Your answer should be the lines from the start of the records through the line with "Proof. by move=> hq;", copied word for word.

Material provided
------------------------------------------------------------

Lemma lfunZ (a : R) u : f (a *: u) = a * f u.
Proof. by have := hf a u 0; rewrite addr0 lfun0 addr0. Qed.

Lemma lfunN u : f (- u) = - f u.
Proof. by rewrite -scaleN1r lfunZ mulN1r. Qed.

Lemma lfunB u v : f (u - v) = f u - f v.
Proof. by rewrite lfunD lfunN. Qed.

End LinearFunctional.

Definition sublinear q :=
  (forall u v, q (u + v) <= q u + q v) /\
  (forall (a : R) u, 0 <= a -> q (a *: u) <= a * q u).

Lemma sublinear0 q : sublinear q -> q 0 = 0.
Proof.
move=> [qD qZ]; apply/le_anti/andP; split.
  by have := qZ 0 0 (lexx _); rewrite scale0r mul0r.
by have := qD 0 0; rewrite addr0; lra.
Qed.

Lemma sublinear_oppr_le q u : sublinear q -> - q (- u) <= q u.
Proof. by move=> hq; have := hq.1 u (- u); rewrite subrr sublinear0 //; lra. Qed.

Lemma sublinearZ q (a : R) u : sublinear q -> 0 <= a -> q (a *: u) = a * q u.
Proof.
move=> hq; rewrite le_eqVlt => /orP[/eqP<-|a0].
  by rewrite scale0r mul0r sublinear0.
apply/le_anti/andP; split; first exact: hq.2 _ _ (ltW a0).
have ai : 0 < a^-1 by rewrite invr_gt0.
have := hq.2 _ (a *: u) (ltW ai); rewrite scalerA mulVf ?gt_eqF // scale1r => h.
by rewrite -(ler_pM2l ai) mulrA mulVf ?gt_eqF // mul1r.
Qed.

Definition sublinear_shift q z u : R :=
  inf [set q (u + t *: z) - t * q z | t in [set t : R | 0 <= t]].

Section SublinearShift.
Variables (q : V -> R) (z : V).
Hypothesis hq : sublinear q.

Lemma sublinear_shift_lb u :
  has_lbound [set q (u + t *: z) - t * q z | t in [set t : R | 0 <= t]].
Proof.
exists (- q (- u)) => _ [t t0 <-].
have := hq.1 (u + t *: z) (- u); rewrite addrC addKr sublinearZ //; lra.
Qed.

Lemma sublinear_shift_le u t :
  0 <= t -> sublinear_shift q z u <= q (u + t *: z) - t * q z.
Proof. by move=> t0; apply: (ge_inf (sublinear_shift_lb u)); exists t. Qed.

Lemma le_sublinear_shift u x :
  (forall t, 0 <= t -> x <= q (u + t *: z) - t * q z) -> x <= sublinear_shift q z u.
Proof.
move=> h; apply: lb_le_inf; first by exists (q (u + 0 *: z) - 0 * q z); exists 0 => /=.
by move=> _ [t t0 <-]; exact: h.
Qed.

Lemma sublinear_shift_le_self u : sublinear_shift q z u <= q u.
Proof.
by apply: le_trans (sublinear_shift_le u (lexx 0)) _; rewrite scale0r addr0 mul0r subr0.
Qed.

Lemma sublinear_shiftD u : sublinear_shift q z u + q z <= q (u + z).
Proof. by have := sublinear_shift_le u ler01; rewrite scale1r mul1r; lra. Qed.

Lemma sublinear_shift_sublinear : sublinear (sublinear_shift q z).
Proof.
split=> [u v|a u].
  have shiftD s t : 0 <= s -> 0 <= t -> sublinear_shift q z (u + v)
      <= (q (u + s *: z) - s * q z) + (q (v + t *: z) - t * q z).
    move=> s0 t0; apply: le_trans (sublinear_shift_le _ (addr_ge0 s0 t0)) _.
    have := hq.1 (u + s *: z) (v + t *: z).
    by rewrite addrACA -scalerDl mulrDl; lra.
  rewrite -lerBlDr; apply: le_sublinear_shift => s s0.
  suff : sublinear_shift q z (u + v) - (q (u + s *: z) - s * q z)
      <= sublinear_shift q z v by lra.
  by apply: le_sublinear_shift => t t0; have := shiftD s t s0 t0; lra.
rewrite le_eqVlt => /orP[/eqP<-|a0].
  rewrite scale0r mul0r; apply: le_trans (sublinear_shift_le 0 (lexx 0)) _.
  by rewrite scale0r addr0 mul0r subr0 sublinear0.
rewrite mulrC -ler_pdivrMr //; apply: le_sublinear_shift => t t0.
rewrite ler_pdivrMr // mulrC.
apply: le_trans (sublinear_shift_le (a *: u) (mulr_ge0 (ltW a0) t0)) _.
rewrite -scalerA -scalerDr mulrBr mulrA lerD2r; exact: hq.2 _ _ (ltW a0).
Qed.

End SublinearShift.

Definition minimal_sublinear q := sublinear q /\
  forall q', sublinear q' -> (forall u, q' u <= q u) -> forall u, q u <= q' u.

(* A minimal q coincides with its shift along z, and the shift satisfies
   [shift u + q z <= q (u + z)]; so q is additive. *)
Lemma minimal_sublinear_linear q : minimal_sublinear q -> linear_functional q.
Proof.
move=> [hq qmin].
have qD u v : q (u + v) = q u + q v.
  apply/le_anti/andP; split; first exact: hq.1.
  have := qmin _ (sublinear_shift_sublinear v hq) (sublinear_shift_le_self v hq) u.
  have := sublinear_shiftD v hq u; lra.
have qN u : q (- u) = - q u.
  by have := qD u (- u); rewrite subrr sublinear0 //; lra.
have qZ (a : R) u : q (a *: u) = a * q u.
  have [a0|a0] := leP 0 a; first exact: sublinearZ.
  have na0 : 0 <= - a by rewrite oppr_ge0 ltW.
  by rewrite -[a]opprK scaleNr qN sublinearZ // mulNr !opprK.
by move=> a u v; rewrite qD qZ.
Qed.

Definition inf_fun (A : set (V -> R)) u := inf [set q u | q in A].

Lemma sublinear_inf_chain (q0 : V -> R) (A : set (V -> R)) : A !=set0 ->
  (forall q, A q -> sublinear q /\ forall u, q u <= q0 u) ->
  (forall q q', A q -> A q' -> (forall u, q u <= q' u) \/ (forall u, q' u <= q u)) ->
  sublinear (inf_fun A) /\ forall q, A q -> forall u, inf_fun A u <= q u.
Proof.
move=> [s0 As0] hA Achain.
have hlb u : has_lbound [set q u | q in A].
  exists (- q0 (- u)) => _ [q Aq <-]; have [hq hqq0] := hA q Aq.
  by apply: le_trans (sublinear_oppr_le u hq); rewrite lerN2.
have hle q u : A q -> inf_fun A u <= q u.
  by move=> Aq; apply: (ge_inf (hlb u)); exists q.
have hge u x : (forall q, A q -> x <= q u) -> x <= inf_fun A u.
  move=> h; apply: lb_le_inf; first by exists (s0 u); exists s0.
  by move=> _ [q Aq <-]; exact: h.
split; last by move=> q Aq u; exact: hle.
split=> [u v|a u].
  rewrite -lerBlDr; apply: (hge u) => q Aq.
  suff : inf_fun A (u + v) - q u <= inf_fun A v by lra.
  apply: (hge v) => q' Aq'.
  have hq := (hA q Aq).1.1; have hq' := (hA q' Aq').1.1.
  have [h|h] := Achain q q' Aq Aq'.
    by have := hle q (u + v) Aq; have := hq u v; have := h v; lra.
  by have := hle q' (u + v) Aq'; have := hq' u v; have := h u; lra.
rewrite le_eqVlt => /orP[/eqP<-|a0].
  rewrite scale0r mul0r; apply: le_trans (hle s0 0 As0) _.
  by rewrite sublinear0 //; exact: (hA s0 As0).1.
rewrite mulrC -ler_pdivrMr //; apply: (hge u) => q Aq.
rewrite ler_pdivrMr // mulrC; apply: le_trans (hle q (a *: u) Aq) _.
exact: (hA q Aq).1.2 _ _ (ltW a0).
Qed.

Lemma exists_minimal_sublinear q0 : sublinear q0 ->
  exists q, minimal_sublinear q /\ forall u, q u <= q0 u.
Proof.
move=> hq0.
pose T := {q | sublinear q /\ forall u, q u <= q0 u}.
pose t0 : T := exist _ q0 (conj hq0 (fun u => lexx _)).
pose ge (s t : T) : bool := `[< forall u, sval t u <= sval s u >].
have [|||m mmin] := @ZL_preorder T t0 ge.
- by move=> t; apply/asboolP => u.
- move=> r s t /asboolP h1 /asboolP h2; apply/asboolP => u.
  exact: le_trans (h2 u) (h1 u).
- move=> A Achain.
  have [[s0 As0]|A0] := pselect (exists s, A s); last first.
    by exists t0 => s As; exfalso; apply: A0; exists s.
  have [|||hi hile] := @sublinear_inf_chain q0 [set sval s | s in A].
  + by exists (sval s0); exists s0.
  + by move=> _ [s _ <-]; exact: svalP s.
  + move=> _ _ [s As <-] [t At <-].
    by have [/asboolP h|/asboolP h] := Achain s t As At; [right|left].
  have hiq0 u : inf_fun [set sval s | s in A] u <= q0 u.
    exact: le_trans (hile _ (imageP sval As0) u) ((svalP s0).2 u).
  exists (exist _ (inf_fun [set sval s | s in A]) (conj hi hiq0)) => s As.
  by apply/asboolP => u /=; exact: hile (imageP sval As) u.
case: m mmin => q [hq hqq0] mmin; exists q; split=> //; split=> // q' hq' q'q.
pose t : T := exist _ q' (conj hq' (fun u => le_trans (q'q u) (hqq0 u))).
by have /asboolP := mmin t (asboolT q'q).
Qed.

------------------------------------------------------------

Result of the exercise
Lemma lfunZ (a : R) u : f (a *: u) = a * f u.
Proof. by have := hf a u 0; rewrite addr0 lfun0 addr0. Qed.

Lemma lfunN u : f (- u) = - f u.
Proof. by rewrite -scaleN1r lfunZ mulN1r. Qed.

Lemma lfunB u v : f (u - v) = f u - f v.
Proof. by rewrite lfunD lfunN. Qed.

End LinearFunctional.

Definition sublinear q :=
  (forall u v, q (u + v) <= q u + q v) /\
  (forall (a : R) u, 0 <= a -> q (a *: u) <= a * q u).

Lemma sublinear0 q : sublinear q -> q 0 = 0.
Proof.
move=> [qD qZ]; apply/le_anti/andP; split.
  by have := qZ 0 0 (lexx _); rewrite scale0r mul0r.
by have := qD 0 0; rewrite addr0; lra.
Qed.

Lemma sublinear_oppr_le q u : sublinear q -> - q (- u) <= q u.
Proof. by move=> hq; have := hq.1 u (- u); rewrite subrr sublinear0 //; lra. Qed.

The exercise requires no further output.